The application discloses a scene text recognition method based on semantic enhancement and graph reasoning, which relates to the technical field of machine vision and natural language, and comprises a vision recognition branch and an iteration correction branch; the visual recognition branch extracts visual characteristics of the scene text by a convolution network, and performs parallel coding and decoding on the visual characteristics; the iterative correction branch corrects the current recognition result by setting a semantic enhancement module, a fusion door and an reasoning module, wherein the semantic enhancement module enhances text semantic features by utilizing a character context in the text, and the recognition precision is improved; the fusion door comprehensively considers visual and semantic information by fusing text semantic features and text visual features of the recognition module; the graph reasoning module establishes an association relation between text characters, performs reasoning according to the association relation, corrects text characters with unobvious characteristics, and further improves the recognition accuracy of scene texts. The method and the device improve the recognition accuracy of the network to the scene text.

Description

Scene text recognition method based on semantic enhancement and graph reasoning
Technical Field
The invention relates to the technical field of machine vision and natural language processing, in particular to a scene text recognition method based on semantic enhancement and graph reasoning.
Background
The characters are one of the biggest inventions of human beings and are vectors of human civilization. More than 70% of the information obtained by humans from the outside comes from the visual system. Vision and text are the most common ways for humans to record and express cognition to the world. How scene text is identified from a visual image is critical to properly understanding the image. Scene text recognition is one of research hotspots for visual understanding, and has wide application prospects in computer vision, such as automatic driving, blind person assistance, intelligent transportation, visual text questions and answers and the like. Therefore, scene text recognition has received a great deal of attention.
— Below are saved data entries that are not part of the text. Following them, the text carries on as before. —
(* Let $N_1,N_2\ge1$, let $C_k=\{(\xi_j)_{1\le j\le N_k}\in[0,1]^{N_k}:\sum_j\xi_j=1\}$ for $k=1,2$, and let $L$ be a nonzero real $N_1\times N_2$ matrix such that there exist $z_1\in C_1$, $z_2\in C_2$ with $-Lz_2\in N_{C_1}z_1$ and $L^\top z_1\in N_{C_2}z_2$. Let $\varepsilon\in]0,1/(\|L\|+1)[$ and let $(\gamma_n)_{n\in\mathbb N}$ be a sequence in $[\varepsilon,(1-\varepsilon)/\|L\|]$. Let $x_{1,0}\in\mathbb R^{N_1}$, $x_{2,0}\in\mathbb R^{N_2}$, and for every $n$ set $y_{1,n}=x_{1,n}-\gamma_nLx_{2,n}$, $y_{2,n}=x_{2,n}+\gamma_nL^\top x_{1,n}$, $p_{1,n}=P_{C_1}y_{1,n}$, $p_{2,n}=P_{C_2}y_{2,n}$, $q_{1,n}=p_{1,n}-\gamma_nLp_{2,n}$, $q_{2,n}=p_{2,n}+\gamma_nL^\top p_{1,n}$, $x_{1,n+1}=x_{1,n}-y_{1,n}+q_{1,n}$, $x_{2,n+1}=x_{2,n}-y_{2,n}+q_{2,n}$. Then $x_{1,n}\to\overline x_1$ and $x_{2,n}\to\overline x_2$, where $\overline x_1\in\operatorname{Argmin}_{x\in C_1}x^\top L\overline x_2$ and $\overline x_2\in\operatorname{Argmax}_{x\in C_2}\overline x_1^\top Lx$.
   Context: $\|L\|$ is the operator norm of $L$ (Euclidean norms). For a nonempty closed convex set $C$, $P_C$ is the Euclidean projection onto $C$ and $N_Cx=\{u:\langle y-x,u\rangle\le0\ \forall y\in C\}$ for $x\in C$ (empty otherwise) is the normal cone. *)

(* real vectors in R^N are functions nat -> R, only indices < N matter;
   an N1 x N2 matrix is L : nat -> nat -> R (entries L i j with i < N1, j < N2). *)
From Stdlib Require Import Reals Lra.
Open Scope R_scope.

Fixpoint vsum (N : nat) (f : nat -> R) : R :=
  match N with O => 0 | S k => vsum k f + f k end.

Definition dot (N : nat) (x y : nat -> R) : R := vsum N (fun i => x i * y i).
Definition vnorm (N : nat) (x : nat -> R) : R := sqrt (dot N x x).

Definition Mv (N2 : nat) (L : nat -> nat -> R) (x : nat -> R) : nat -> R :=
  fun i => vsum N2 (fun j => L i j * x j).
Definition Mtv (N1 : nat) (L : nat -> nat -> R) (x : nat -> R) : nat -> R :=
  fun j => vsum N1 (fun i => L i j * x i).

Definition simplex (N : nat) (x : nat -> R) : Prop :=
  (forall i, (i < N)%nat -> 0 <= x i <= 1) /\ vsum N x = 1.

Definition in_normal_cone (N : nat) (C : (nat -> R) -> Prop) (x u : nat -> R) : Prop :=
  C x /\ forall y, C y -> dot N (fun i => y i - x i) u <= 0.

(* p = P_C y (Euclidean projection; unique on the indices < N) *)
Definition is_proj (N : nat) (C : (nat -> R) -> Prop) (y p : nat -> R) : Prop :=
  C p /\ forall z, C z -> vnorm N (fun i => y i - p i) <= vnorm N (fun i => y i - z i).

Definition is_opnorm (N1 N2 : nat) (L : nat -> nat -> R) (m : R) : Prop :=
  is_lub (fun r => exists x, vnorm N2 x <= 1 /\ r = vnorm N1 (Mv N2 L x)) m.

(* Tseng's forward-backward-forward splitting for the monotone inclusion
   0 \in N_{C1 x C2} z + A z, where A (z1, z2) = (L z2, - L^T z1) is skew and
   ||L||-Lipschitz.  For every zero z, the projection inequalities and the skewness
   of A give the Fejer inequality
     ||x_{n+1} - z||^2 <= ||x_n - z||^2 - eps ||x_n - p_n||^2,
   so x_n - p_n -> 0.  A cluster point of the bounded sequence (p_n) satisfies the
   limiting projection inequalities, hence is a zero, i.e. a saddle point of
   x^T L y on C1 x C2; Fejer monotonicity with respect to this point then forces
   the whole sequence to converge to it. *)

From Stdlib Require Import Reals Lra Lia ClassicalEpsilon.
Open Scope R_scope.

(** * Sums, inner products and the matrix L *)

Lemma vsum_ext N f g : (forall i, (i < N)%nat -> f i = g i) -> vsum N f = vsum N g.
Proof.
  induction N as [|N IH]; intros H; simpl; [reflexivity|].
  rewrite IH by (intros; apply H; lia). rewrite H by lia. reflexivity.
Qed.

Lemma vsum_plus N f g : vsum N f + vsum N g = vsum N (fun i => f i + g i).
Proof. induction N as [|N IH]; simpl; [ring|]. rewrite <- IH. ring. Qed.

Lemma vsum_minus N f g : vsum N f - vsum N g = vsum N (fun i => f i - g i).
Proof. induction N as [|N IH]; simpl; [ring|]. rewrite <- IH. ring. Qed.

Lemma vsum_scal N c f : c * vsum N f = vsum N (fun i => c * f i).
Proof. induction N as [|N IH]; simpl; [ring|]. rewrite <- IH. ring. Qed.

Lemma vsum_opp N f : - vsum N f = vsum N (fun i => - f i).
Proof. induction N as [|N IH]; simpl; [ring|]. rewrite <- IH. ring. Qed.

Lemma vsum_nonneg N f : (forall i, (i < N)%nat -> 0 <= f i) -> 0 <= vsum N f.
Proof.
  induction N as [|N IH]; intros H; simpl; [lra|].
  specialize (IH (fun i Hi => H i ltac:(lia))). specialize (H N ltac:(lia)). lra.
Qed.

Lemma vsum_ge_term N f k :
  (forall i, (i < N)%nat -> 0 <= f i) -> (k < N)%nat -> f k <= vsum N f.
Proof.
  induction N as [|N IH]; intros H Hk; simpl; [lia|].
  assert (0 <= vsum N f) by (apply vsum_nonneg; intros; apply H; lia).
  destruct (Nat.eq_dec k N) as [->|Hne]; [lra|].
  specialize (IH (fun i Hi => H i ltac:(lia)) ltac:(lia)). specialize (H N ltac:(lia)). lra.
Qed.

Lemma vsum_swap N1 N2 (f : nat -> nat -> R) :
  vsum N1 (fun i => vsum N2 (fun j => f i j)) = vsum N2 (fun j => vsum N1 (fun i => f i j)).
Proof.
  induction N1 as [|N1 IH]; simpl.
  - induction N2 as [|N2 IH2]; simpl; [reflexivity|]. rewrite <- IH2. ring.
  - rewrite IH, vsum_plus. reflexivity.
Qed.

Definition sqdist N (a b : nat -> R) : R := dot N (fun i => a i - b i) (fun i => a i - b i).

(* Reduces an identity between linear combinations of [dot]/[sqdist] over the same
   range to an identity between the summands. *)
Ltac merge_vsums :=
  unfold sqdist, dot;
  repeat rewrite vsum_scal; repeat rewrite vsum_opp;
  repeat (rewrite vsum_plus || rewrite vsum_minus);
  apply vsum_ext.

Ltac vsum_ring := merge_vsums; intros; cbv beta; ring.

Lemma dot_nonneg N u : 0 <= dot N u u.
Proof. apply vsum_nonneg; intros; nra. Qed.

Lemma dot_comm N u v : dot N u v = dot N v u.
Proof. apply vsum_ext; intros; ring. Qed.

Lemma dot_zero_l N v : dot N (fun _ => 0) v = 0.
Proof. induction N as [|N IH]; unfold dot in *; simpl; [reflexivity|]. rewrite IH. ring. Qed.

Lemma dot_cauchy_schwarz N u v : (dot N u v) ^ 2 <= dot N u u * dot N v v.
Proof.
  set (A := dot N u u); set (B := dot N u v); set (C := dot N v v).
  assert (Hquad : forall t, 0 <= A - 2 * t * B + t ^ 2 * C).
  { intro t. replace (A - 2 * t * B + t ^ 2 * C)
      with (dot N (fun i => u i - t * v i) (fun i => u i - t * v i))
      by (unfold A, B, C; vsum_ring).
    apply dot_nonneg. }
  assert (HA : 0 <= A) by apply dot_nonneg.
  assert (HC : 0 <= C) by apply dot_nonneg.
  destruct (Rle_lt_or_eq_dec 0 C HC) as [Cpos|C0].
  - specialize (Hquad (B / C)).
    replace (A - 2 * (B / C) * B + (B / C) ^ 2 * C) with ((A * C - B ^ 2) / C) in Hquad
      by (field; lra).
    assert (0 <= A * C - B ^ 2); [|lra].
    apply (Rmult_le_reg_r (/ C)); [apply Rinv_0_lt_compat; lra|].
    rewrite Rmult_0_l. exact Hquad.
  - destruct (Req_dec B 0) as [B0|Bn0].
    + rewrite B0. nra.
    + specialize (Hquad ((A + 1) / (2 * B))). rewrite <- C0 in Hquad.
      replace (A - 2 * ((A + 1) / (2 * B)) * B + ((A + 1) / (2 * B)) ^ 2 * 0) with (-1) in Hquad
        by (field; lra).
      lra.
Qed.

Lemma sqdist_nonneg N a b : 0 <= sqdist N a b.
Proof. apply dot_nonneg. Qed.

Lemma sqdist_ge_coord N a b i : (i < N)%nat -> (a i - b i) ^ 2 <= sqdist N a b.
Proof.
  intros Hi. unfold sqdist, dot.
  replace ((a i - b i) ^ 2) with ((a i - b i) * (a i - b i)) by ring.
  apply (vsum_ge_term N (fun k => (a k - b k) * (a k - b k))); [intros k _; apply Rle_0_sqr|exact Hi].
Qed.

Lemma dot_Mv_Mtv N1 N2 L a b : dot N1 (Mv N2 L a) b = dot N2 a (Mtv N1 L b).
Proof.
  unfold dot, Mv, Mtv.
  transitivity (vsum N1 (fun i => vsum N2 (fun j => L i j * a j * b i))).
  - apply vsum_ext; intros i _; cbv beta. rewrite (Rmult_comm _ (b i)), vsum_scal.
    apply vsum_ext; intros; ring.
  - rewrite vsum_swap. apply vsum_ext; intros j _; cbv beta. rewrite vsum_scal.
    apply vsum_ext; intros; ring.
Qed.

Lemma Mv_sub N2 L u v i : Mv N2 L (fun j => u j - v j) i = Mv N2 L u i - Mv N2 L v i.
Proof. unfold Mv. rewrite vsum_minus. apply vsum_ext; intros; ring. Qed.

Lemma Mtv_sub N1 L u v j : Mtv N1 L (fun i => u i - v i) j = Mtv N1 L u j - Mtv N1 L v j.
Proof. unfold Mtv. rewrite vsum_minus. apply vsum_ext; intros; ring. Qed.

Lemma Mv_scal N2 L c u i : Mv N2 L (fun j => c * u j) i = c * Mv N2 L u i.
Proof. unfold Mv. rewrite vsum_scal. apply vsum_ext; intros; ring. Qed.

(* The operator (z1, z2) |-> (L z2, - L^T z1) is skew. *)
Lemma skew_pairing N1 N2 L p1 p2 z1 z2 :
  dot N1 (Mv N2 L p2) (fun i => p1 i - z1 i) - dot N2 (Mtv N1 L p1) (fun j => p2 j - z2 j)
  = dot N1 (Mv N2 L z2) (fun i => p1 i - z1 i) - dot N2 (Mtv N1 L z1) (fun j => p2 j - z2 j).
Proof.
  assert (Hadj := dot_Mv_Mtv N1 N2 L (fun j => p2 j - z2 j) (fun i => p1 i - z1 i)).
  assert (E1 : dot N1 (Mv N2 L (fun j => p2 j - z2 j)) (fun i => p1 i - z1 i)
               = dot N1 (Mv N2 L p2) (fun i => p1 i - z1 i) - dot N1 (Mv N2 L z2) (fun i => p1 i - z1 i)).
  { unfold dot. rewrite vsum_minus. apply vsum_ext; intros. rewrite Mv_sub. ring. }
  assert (E2 : dot N2 (fun j => p2 j - z2 j) (Mtv N1 L (fun i => p1 i - z1 i))
               = dot N2 (Mtv N1 L p1) (fun j => p2 j - z2 j) - dot N2 (Mtv N1 L z1) (fun j => p2 j - z2 j)).
  { unfold dot. rewrite vsum_minus. apply vsum_ext; intros. rewrite Mtv_sub. ring. }
  lra.
Qed.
The approach of scene text recognition has made significant progress over the past decades, but still faces significant challenges. The text in the scene text image has the characteristics of text diversity and background complexity. For example, the scene text is complex and changeable in terms of font size, color, shape, aspect ratio and the like, and the image of the scene text has the problems of shielding, distortion, blurring, uneven illumination, low text resolution, strong text background interference and the like. In order to solve the problems and further improve the recognition accuracy of the scene text, a large number of scholars continuously propose new scene text recognition algorithms.
Before the neural network is widely used, the traditional text recognition method requires a designer to put efforts on the design of text features, the advantages and disadvantages of the text features depend on the experience of the designer, and the advantages and disadvantages of the text features are important to the recognition effect of the text, so that the text recognition accuracy of the method is lower, and the robustness is poor. The wide application of neural networks enables designers to put more effort on model design, greatly improving the accuracy of text recognition. The scene text recognition method based on the neural network regards the recognition task as a sequence generation task, generally adopts a convolution network to extract visual characteristics, and then decodes the visual characteristics by using a language model to generate text recognition content. Two classes can be distinguished, based on recurrent neural networks (Recurrent Neural Network, RNN) and on transformer, according to the type of decoder. The recurrent neural network-based method decodes text from visual features in a recursive manner, which cannot be decoded in parallel in both training and forward reasoning stages, and thus the decoding speed is slow. In addition, RNN was originally proposed for processing one-dimensional feature information, and it is not suitable to directly process two-dimensional information of text in a scene text image, and this method has low recognition accuracy for the scene text. The method based on the transformer can train in parallel, so that training efficiency of the model is improved, but the forward reasoning stage cannot decode in parallel. The current neural network-based method has less exploration of semantic information in scene texts, and when the scene text images have the conditions of low resolution, poor illumination quality, random and changeable scene text shapes and the like, the problems of low scene text recognition precision, low recognition speed and the like are caused.
Disclosure of Invention
Aiming at the defects in the prior art, the invention provides a scene text recognition method based on semantic enhancement and graph reasoning, which is used for improving the accuracy of the original scene text recognition method on scene text recognition.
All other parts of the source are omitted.